Bad Guys Finish First – Gavin Williams starts off giving a self-help seminar about how to be successful by not caring about other people.  His character is so over-the-top mean that it’s clearly not sincere, but he still made the audience uncomfortable.  Of course there is a twist before the end, but it happens a bit too fast for credibility.  This show is a fascinating example of, I’m not sure if it’s the literary device of unreliable-narrator or the theatrical device of dramatic irony or something in between, though.

Limbo – Andrew Bailey tells stories about being a teenager and university student with obsessive-compulsive disorder.  His director Britt Small also directed Ride the Cyclone.

Death at the Fringe

Several of the shows I saw at this year’s Fringe examined the theme of death in some unorthodox ways.

Grim and Fischer was a mask show by the Wonderheads, the troupe which presented LOON last year.  It’s a repeat of a show that was at Edmonton Fringe a few years ago, but I missed it then.  Since I loved LOON, I was excited about seeing the troupe again, and I wasn’t disappointed.  The three characters were Mrs Fischer (Kate Braidwood), a determined energetic old widow with a lopsided smile and a sense of humour, Death (Andrew Phoenix) a long-faced persistent figure in a black overcoat, and Doug the Nurse (Andrew Phoenix).  Death checks his pocketwatch and attempts to deliver a summons to Mrs Fischer, but she isn’t ready to go yet.  Mrs. Fischer’s physicality and posture are very effective in creating the impression of someone who is active but very old.  After the show, the performers told us that they are developing a new show and hope to be back next year.

Life After Breath is a clown show I’ve already mentioned, a charming and poignant look at how two characters (Neelam Chattoo as Squee, Amy Chow as Nona) cope after the death of a loved one who used to take care of them, and how they have some underworld adventures in an attempt to re-connect with the person who died.

Into Oblivion is a set of musings, monologues, and mood vignettes on death created by the three young local performers (Isaac Andrew, Graham Mothersill, Jordan Sabo) and their director Nick Eaton.  In the program, the director writes that he was moved to think about death after the cyclist died on Whyte Avenue shortly after last year’s Fringe (he’s not named in the program, but it was Isaak Kornelsen).  My favourite thing about this show was the ways they used some audience interaction to add to their effectiveness without disrupting the thoughtful somber mood of their presentation.  They greeted audience members beforehand as if we were funeral attendees, and finished by welcoming us to stay for refreshments as we shared memories (and the refreshments turned out to be tasty cookies).  In other portions of the show, they identified the oldest audience member and asked polite questions about her mortality, used an audience member as prop in reflections on decomposition, and most unnervingly invited an audience member who claimed not to fear death to sit on stage and be blindfolded, after which they handed him a handgun.
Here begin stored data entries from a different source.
(* A class of functions closed under directional derivatives, hence smooth. *)
Inductive elementary : ('rV[R]_N -> R) -> Prop :=
| elementary_cst (c : R) : elementary (fun _ => c)
| elementary_coord (i : 'I_N) : elementary (fun x => x 0 i)
| elementary_add f g : elementary f -> elementary g -> elementary (fun x => f x + g x)
| elementary_mul f g : elementary f -> elementary g -> elementary (fun x => f x * g x)
| elementary_expinv k f : elementary f -> elementary (fun x => expinv k (f x)).

Lemma elementary_differentiable {f} : elementary f -> forall x, differentiable f x.
Proof.
elim=> {f} [c x|i x|f g _ df _ dg x|f g _ df _ dg x|k f _ df x].
- exact: differentiable_cst.
- exact: differentiable_coord.
- by have := differentiableD (df x) (dg x); rewrite addrfctE.
- by have := differentiableM (df x) (dg x); rewrite mulrfctE.
- by apply: (differentiable_comp (df x)); exact: differentiable_expinv.
Qed.

Lemma derive_coord (i : 'I_N) x d : 'D_d (fun y : 'rV[R]_N => y 0 i) x = d 0 i.
Proof.
have := @derive_mx R _ 1 N id x d (@derivable_id _ _ x d).
by rewrite derive_id => /matrixP /(_ 0 i); rewrite mxE.
Qed.

Lemma derive_addf f g x d : differentiable f x -> differentiable g x ->
  'D_d (fun y => f y + g y) x = 'D_d f x + 'D_d g x.
Proof. by move=> df dg; rewrite -deriveD //; apply: diff_derivable. Qed.

Lemma derive_mulf f g x d : differentiable f x -> differentiable g x ->
  'D_d (fun y => f y * g y) x = f x * 'D_d g x + g x * 'D_d f x.
Proof. by move=> df dg; rewrite -[RHS]deriveM //; apply: diff_derivable. Qed.

Lemma derive_sumf n (F : 'I_n -> 'rV[R]_N -> R) x d :
  (forall i, differentiable (F i) x) ->
  'D_d (fun y => \sum_(i < n) F i y) x = \sum_(i < n) 'D_d (F i) x.
Proof.
move=> dF; have := @derive_sum R _ _ n F x d (fun i => @diff_derivable _ _ _ _ _ d (dF i)).
by rewrite fct_sumE.
Qed.

Lemma derive_compf (h : R -> R) f x d :
  differentiable f x -> derivable h (f x) 1 ->
  'D_d (fun y => h (f y)) x = derive1 h (f x) * 'D_d f x.
Proof.
move=> df dh; have dh' : differentiable h (f x) by exact/derivable1_diffP.
have dhf : differentiable (h \o f) x by exact: differentiable_comp.
rewrite (deriveE d dhf) diff_comp // /= deriv1E // (deriveE d df) /=.
by rewrite mulrC.
Qed.

Lemma derive_expinvf k f x d : differentiable f x ->
  'D_d (fun y => expinv k (f y)) x =
  (expinv k.+2 (f x) - k%:R * expinv k.+1 (f x)) * 'D_d f x.
Proof.
by move=> df; rewrite derive_compf ?derive1_expinv //; exact: derivable_expinv.
Qed.

Lemma elementary_derive f d : elementary f -> elementary (fun x => 'D_d f x).
Proof.
elim=> {f} [c|i|f g ef IHf eg IHg|f g ef IHf eg IHg|k f ef IHf].
- have -> : (fun x => 'D_d (fun _ : 'rV[R]_N => c) x) = fun _ => 0.
    by apply: funext => x; exact: derive_cst.
  exact: elementary_cst.
- have -> : (fun x => 'D_d (fun y : 'rV[R]_N => y 0 i) x) = fun _ => d 0 i.
    by apply: funext => x; exact: derive_coord.
  exact: elementary_cst.
- have -> : (fun x => 'D_d (fun y => f y + g y) x) = fun x => 'D_d f x + 'D_d g x.
    by apply: funext => x; rewrite derive_addf //; exact: elementary_differentiable.
  exact: elementary_add.
- have -> : (fun x => 'D_d (fun y => f y * g y) x) =
      fun x => f x * 'D_d g x + g x * 'D_d f x.
    by apply: funext => x; rewrite derive_mulf //; exact: elementary_differentiable.
  by apply: elementary_add; exact: elementary_mul.
- have -> : (fun x => 'D_d (fun y => expinv k (f y)) x) = fun x =>
      (expinv k.+2 (f x) + (- k%:R) * expinv k.+1 (f x)) * 'D_d f x.
    by apply: funext => x; rewrite derive_expinvf ?mulNr //; exact: elementary_differentiable.
  apply: elementary_mul => //; apply: elementary_add; first exact: elementary_expinv.
  by apply: elementary_mul; [exact: elementary_cst | exact: elementary_expinv].
Qed.

Lemma elementary_smooth f : elementary f -> smooth f.
Proof.
move=> ef ds x; apply: elementary_differentiable.
by elim: ds => [|d ds IH] //=; exact: elementary_derive.
Qed.

Lemma elementary_sum n (F : 'I_n -> 'rV[R]_N -> R) :
  (forall i, elementary (F i)) -> elementary (fun x => \sum_(i < n) F i x).
Proof.
elim: n F => [|n IH] F eF.
  have -> : (fun x => \sum_(i < 0) F i x) = fun _ => 0.
    by apply: funext => x; rewrite big_ord0.
  exact: elementary_cst.
have -> : (fun x => \sum_(i < n.+1) F i x) =
    fun x => \sum_(i < n) F (widen_ord (leqnSn n) i) x + F ord_max x.
  by apply: funext => x; rewrite big_ord_recr.
by apply: elementary_add => //; exact: IH.
Qed.

Lemma elementary_borel f : elementary f -> borel_fun f.
Proof.
rewrite /borel_fun; elim=> {f} [c|i|f g _ mf _ mg|f g _ mf _ mg|k f _ mf].
- exact: measurable_cst.
- have -> : (fun x : 'rV[R]_N => x 0 i) \o @rV_of_tuple R N = (@tnth N R ^~ i).
    by apply: funext => t; rewrite /rV_of_tuple /= mxE.
  exact: measurable_tnth.
- exact: measurable_realfun.measurable_funD.
- exact: measurable_realfun.measurable_funM.
- apply: measurableT_comp => //.
  exact: measurable_realfun.continuous_measurable_fun (continuous_expinv k).
Qed.

End Elementary.

Section IteratedIntegral.
Context {R : realType}.
Local Notation mu := (@lebesgue_measure R).

(* No measurability is needed: the integral of a nonnegative function is a
   supremum over the simple functions below it. *)
Lemma ge0_le_integralT (f g : R -> \bar R) :
  (forall t, (0 <= f t)%E) -> (forall t, (f t <= g t)%E) ->
  (\int[mu]_(t in [set: R]) f t <= \int[mu]_(t in [set: R]) g t)%E.
Proof.
move=> f0 fg; have g0 t : (0 <= g t)%E by exact: le_trans (f0 t) (fg t).
rewrite !ge0_integralTE //; apply: ereal_sup_le => _ [h hf <-].
by exists h => //= x; exact: le_trans (hf x) (fg x).
Qed.

Lemma iint_ge0 n (f : 'rV[R]_n -> \bar R) : (forall x, (0 <= f x)%E) -> (0 <= iint f)%E.
Proof.
elim: n f => [|n IH] f f0 /=; first exact: f0.
by apply: integral_ge0 => t _; apply: IH => y; exact: f0.
Qed.

Lemma ge0_le_iint n (f g : 'rV[R]_n -> \bar R) : (forall x, (0 <= f x)%E) ->
  (forall x, (f x <= g x)%E) -> (iint f <= iint g)%E.
Proof.
elim: n f g => [|n IH] f g f0 fg /=; first exact: fg.
apply: ge0_le_integralT => t; first by apply: iint_ge0 => y; exact: f0.
by apply: IH => y; [exact: f0 | exact: fg].
Qed.

Lemma iint0 n (f : 'rV[R]_n -> \bar R) : (forall x, f x = 0%E) -> iint f = 0%E.
Proof.
elim: n f => [|n IH] f f0 /=; first exact: f0.
by apply: integral0_eq => t _; apply: IH => y; exact: f0.
Qed.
You Killed Hamlet, or Guilty Creatures Sitting at a Play was a bouffon style piece (mockery and physical comedy), performed by Nathaniel Justiniano and Ross Travis of Naked Empire Bouffon Company of San Francisco.  It wasn’t exclusively about death; the topics bounced around as much as the performers did, but there was a lot of material about death, culminating in the personification of the play Hamlet in an audience member who lay on the stage and was then carried off by pallbearers.  It was funny, it was disturbing, it was fast-paced, and it had the most aggressive interactions with the audience of any show I’ve seen this year.  Another audience member told me he’d seen it twice so far, and that people who were too uncomfortable had walked out both times.

And as I’ve mentioned before, Off Book The Musical had a graveyard location the night I went, meaning that one character is a woman who has recently become a ghost (Jocelyn Ahlf), and one storyline involves a grandmother’s (Joleen Ballendine) death and her grandson (Kory Matheson), son (Matt Alden) and other mourners.

 

 

Finish your Fringe with God on God

I’ve seen lots of Fringe shows that I haven’t told you about yet, but the one I want to be sure to mention before it closes is the one that I am too close to to review.
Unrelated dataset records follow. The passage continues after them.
Lemma pblock_set1_of_le_s H G e : is_pdCG tau G -> is_cgraph H -> le_s H G ->
  e \in cg_edges H -> tE e \notin cg_edges H -> pblock (cgE G) e = [set e].
Proof.
move=> pdG cgH /(le_sP cgH pdG.1)[EHG _ leE] eH teH.
rewrite (pblock_twin (pdCG_twin_edges tw pdG)) ?(subsetP EHG) //.
case: ifP => // /(subsetP (leE e eH)) /(pblockE_edges cgH).
by rewrite (negbTE teH).
Qed.

Lemma pblock_set1_tauE G e : is_pdCG tau G -> e \in cg_edges G -> tE e \in cg_edges G ->
  tE e != e -> pblock (cgE G) e = [set e] -> pblock (cgE G) (tE e) = [set tE e].
Proof.
move=> pdG eG teG te_e pbe.
have eF := subsetP (cg_edges_F_V pdG.1) _ eG.
rewrite (pblock_twin (pdCG_twin_edges tw pdG)) // (tauEK tw) //.
rewrite -(mem_pblockC (cg_trivE pdG.1)) ?pbe ?inE //.
by rewrite (negbTE te_e).
Qed.

Section DropEdge.
Variables (G : cgraph p) (f : edge p).
Hypotheses (pdG : is_pdCG tau G) (fG : f \in cg_edges G)
  (pbf : pblock (cgE G) f = [set f]).

Definition cg_drop_edge : cgraph p :=
  CGraph (cgV G) (blocks_of (cg_edges G :\ f) (pblock (cgE G))).

Let block_fun_drop : block_fun (cg_edges G :\ f) (pblock (cgE G)).
Proof.
have tiG := cg_trivE pdG.1.
split=> [e | e _ e' /(same_pblock tiG) //].
rewrite !inE => /andP[ef eG]; rewrite mem_pblock eG; split=> //.
apply/subsetP=> e' e'e; rewrite !inE (pblockE_edges pdG.1 e'e) andbT.
apply: contraNneq ef => e'f; move: e'e; rewrite e'f => /(same_pblock tiG).
by rewrite pbf => /setP/(_ e); rewrite mem_pblock eG inE eq_sym.
Qed.

Lemma cg_drop_edge_edges : cg_edges cg_drop_edge = cg_edges G :\ f.
Proof. exact: cover_blocks_of. Qed.

Lemma cg_drop_edge_pblock x : x \in cg_edges G :\ f ->
  pblock (cgE cg_drop_edge) x = pblock (cgE G) x.
Proof. exact: pblock_blocks_of. Qed.

Lemma cg_drop_edge_pdCG : is_pdCG tau cg_drop_edge.
Proof.
have [pdV pdE] := pdG.2.
apply: blocks_of_pdCG block_fun_drop _ => //; first exact: cg_partV pdG.1.
  exact: subset_trans (subD1set _ _) (cg_edges_F_V pdG.1).
by move=> e; rewrite inE => /andP[_ eG]; apply/pdE/pblock_mem.
Qed.

Lemma cg_drop_edge_lt : lt_s cg_drop_edge G.
Proof.
split; last first.
  by move/(congr1 (@cg_edges p))/setP/(_ f); rewrite cg_drop_edge_edges fG !inE eqxx.
apply/(le_sP cg_drop_edge_pdCG.1 pdG.1); rewrite cg_drop_edge_edges.
split=> [|//|e eD]; first exact: subD1set.
by rewrite cg_drop_edge_pblock.
Qed.

Lemma le_s_drop_edge H : is_cgraph H -> le_s H G -> f \notin cg_edges H ->
  le_s H cg_drop_edge.
Proof.
move=> cgH /(le_sP cgH pdG.1)[EHG leV leE] fH.
apply/(le_sP cgH cg_drop_edge_pdCG.1); rewrite cg_drop_edge_edges.
have EHD : cg_edges H \subset cg_edges G :\ f.
  by apply/subsetP=> e eH; rewrite !inE (subsetP EHG) // andbT; apply: contraNneq fH => <-.
by split=> // e eH; rewrite cg_drop_edge_pblock ?(subsetP EHD) ?leE.
Qed.

End DropEdge.

Section MergeTwins.
Variables (G : cgraph p) (e : edge p).
Hypotheses (pdG : is_pdCG tau G) (eG : e \in cg_edges G) (teG : tE e \in cg_edges G)
  (te_e : tE e != e) (pbe : pblock (cgE G) e = [set e]).

Definition merge_class x :=
  if x \in [set e; tE e] then [set e; tE e] else pblock (cgE G) x.

Definition cg_merge_twins : cgraph p :=
  CGraph (cgV G) (blocks_of (cg_edges G) merge_class).

Let pbte : pblock (cgE G) (tE e) = [set tE e].
Proof. exact: pblock_set1_tauE. Qed.

Let pblock_notin_twins x y : x \in cg_edges G -> x \notin [set e; tE e] ->
  y \in pblock (cgE G) x -> y \notin [set e; tE e].
Proof.
move=> xG xn yx; apply: contra xn => yin.
have pby : pblock (cgE G) y = [set y] by move: yin; rewrite !inE => /orP[]/eqP->.
have := mem_pblock (cgE G) x; rewrite xG -(same_pblock (cg_trivE pdG.1) yx) pby.
by rewrite inE => /eqP ->.
Qed.

Let block_fun_merge : block_fun (cg_edges G) merge_class.
Proof.
have tiG := cg_trivE pdG.1.
split=> x xG; rewrite /merge_class.
  case: ifP => [xin|_]; first by rewrite subUset !sub1set eG teG.
  by rewrite mem_pblock xG; split=> //; apply/subsetP=> y /(pblockE_edges pdG.1).
move=> y; case: ifP => [_ -> //|/negbT xn yx].
by rewrite (negbTE (pblock_notin_twins xG xn yx)) (same_pblock tiG yx).
Qed.

Lemma cg_merge_twins_edges : cg_edges cg_merge_twins = cg_edges G.
Proof. exact: cover_blocks_of. Qed.

Lemma cg_merge_twins_pblock x : x \in cg_edges G ->
  pblock (cgE cg_merge_twins) x = merge_class x.
Proof. exact: pblock_blocks_of. Qed.

Lemma cg_merge_twins_pdCG : is_pdCG tau cg_merge_twins.
Proof.
have [pdV pdE] := pdG.2.
apply: blocks_of_pdCG block_fun_merge _ => //; first exact: cg_partV pdG.1.
  exact: cg_edges_F_V pdG.1.
move=> x xG; rewrite /merge_class; case: ifP => _; last exact/pdE/pblock_mem.
exact/pd_edge_class_twin/(subsetP (cg_edges_F_V pdG.1)).
Qed.

Lemma cg_merge_twins_lt : lt_s cg_merge_twins G.
Proof.
split.
  apply/(le_sP cg_merge_twins_pdCG.1 pdG.1); rewrite cg_merge_twins_edges.
  split=> // x xG; rewrite cg_merge_twins_pblock // /merge_class; case: ifP => // xin.
  by move: xin; rewrite !inE => /orP[]/eqP->; rewrite ?pbe ?pbte sub1set !inE eqxx ?orbT.
move/(congr1 (fun H : cgraph p => pblock (cgE H) e)) => /=.
rewrite cg_merge_twins_pblock // pbe /merge_class !inE eqxx /= => /eqP.
by rewrite eq_set2_set1 (negbTE te_e).
Qed.

Lemma le_s_merge_twins H : is_cgraph H -> le_s H G -> [set e; tE e] \in cgE H ->
  le_s H cg_merge_twins.
Proof.
move=> cgH /(le_sP cgH pdG.1)[EHG leV leE] twH.
apply/(le_sP cgH cg_merge_twins_pdCG.1); rewrite cg_merge_twins_edges.
split=> // x xH; rewrite cg_merge_twins_pblock ?(subsetP EHG) // /merge_class.
by case: ifP => [xin|_]; [rewrite (def_pblock (cg_trivE cgH) twH xin) | exact: leE].
Qed.

End MergeTwins.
This was my first year being involved with a Fringe production.  I’ve been stage managing an original comedy called God on God, written by Dan Moser and Jordan Ward, and performed by Moser, Ward, Kay Schultz, Nate Collins, and Colby Crossley.  It’s been fascinating, educational, and a lot more fun than I expected to help the show come together, tinker with details to make it run smoothly and on time, and watch people laugh from my seat in the booth beside our quiet organized sound and light tech Joey Roach.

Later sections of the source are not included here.